Diagnóstico de la radiculopatía
Si tiene dolor de espalda y otros síntomas, consulte a su proveedor de atención médica para que le realice un reconocimiento físico y pruebas de diagnóstico por imágenes, como rayos X, una tomografía computarizada (TC), una resonancia magnética (RM) o una prueba de impulso eléctrico (electromiografía, EMG).
Tratamiento de la radiculopatía
La mayoría de los tipos de radiculopatía pueden tratarse sin cirugía. Sin embargo, en casos extremos, la cirugía puede ser la única manera de aliviar la presión, por ejemplo, a través de la reparación de una hernia discal, la extirpación de un espolón óseo, la fusión ósea o un procedimiento de ensanchamiento del canal espinal.

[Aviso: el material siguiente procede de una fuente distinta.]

(* iterates of Algorithm 1: ista U y lam 1 = x_1 = 0,
   ista U y lam t.+1 = x_{t+1} = step with lam t from x_t (t >= 1);
   index 0 is unused and also set to 0 *)
Fixpoint ista n d (U : 'M[R]_(n, d)) (y : 'cV[R]_n) (lam : nat -> R)
    (t : nat) : 'cV[R]_d :=
  match t with
  | 0 => 0
  | t'.+1 => if t' is 0 then 0 else ista_step U y (lam t') (ista U y lam t')
  end.

End Defs.

From mathcomp Require Import boolp classical_sets reals.
From mathcomp Require Import all_boot all_order all_algebra.
From mathcomp Require Import ring lra.
Import Order.TTheory GRing.Theory Num.Theory.
Local Open Scope ring_scope.
Set Implicit Arguments. Unset Strict Implicit. Unset Printing Implicit Defensive.

(* Write h = x_t - x_*, r = h - U^T U h and w = r + U^T e, so that the
   gradient step lands at x_* + w and x_{t+1} = soft(x_* + w).  Soft
   thresholding moves each entry by at most lam_t and zeroes the entries off
   S_* with |w_i| <= lam_t, so |x_{t+1} - x_*| is bounded entrywise by |w| on
   S_* u J plus lam_t on S_*, where J is the set of indices off S_* with
   |w_i| > lam_t.  The choice of lam_t forces |J| <= s: otherwise some s indices
   of J carry a part of r of norm > (delta_s + sqrt2 theta_s) |h|, while
   splitting h into its parts on these indices, on S_* and on the rest of S_t
   and applying the RIP to each bounds that part of r by exactly this quantity.
   On S_* u J, of size <= 2s, r then has norm <= delta_3s |h|, U^T e has norm
   <= sqrt(2s) |U^T e|_oo, and lam_t contributes sqrt(s) lam_t. *)

Section RealInequalities.
Variable R : realType.

Lemma ler_of_sqr_le_mul (a b : R) : 0 <= b -> a ^+ 2 <= a * b -> a <= b.
Proof.
move=> b0 ab; have [a_le0|a_gt0] := lerP a 0; first exact: le_trans a_le0 b0.
by rewrite -(ler_pM2l a_gt0) -expr2.
Qed.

En los casos menos graves, se pueden recetar analgésicos como la gabapentina. Los remedios caseros incluyen antiinflamatorios y analgésicos de venta libre (ibuprofeno, naproxeno y aspirina), aplicación de frío y calor, y fisioterapia.
Vivir con radiculopatía
Algunos casos de radiculopatía pueden sanar rápidamente, especialmente aquellos que se tratan con inyecciones de esteroides. Los casos leves pueden tratarse con antiinflamatorios y analgésicos de venta libre, como ibuprofeno, naproxeno o aspirina, así como con la aplicación de hielo y calor. La fisioterapia también puede reducir el dolor.
En los casos más graves que requieren cirugía, se recetarán analgésicos para controlar el dolor. Algunos casos pueden tardar meses o incluso años en resolverse.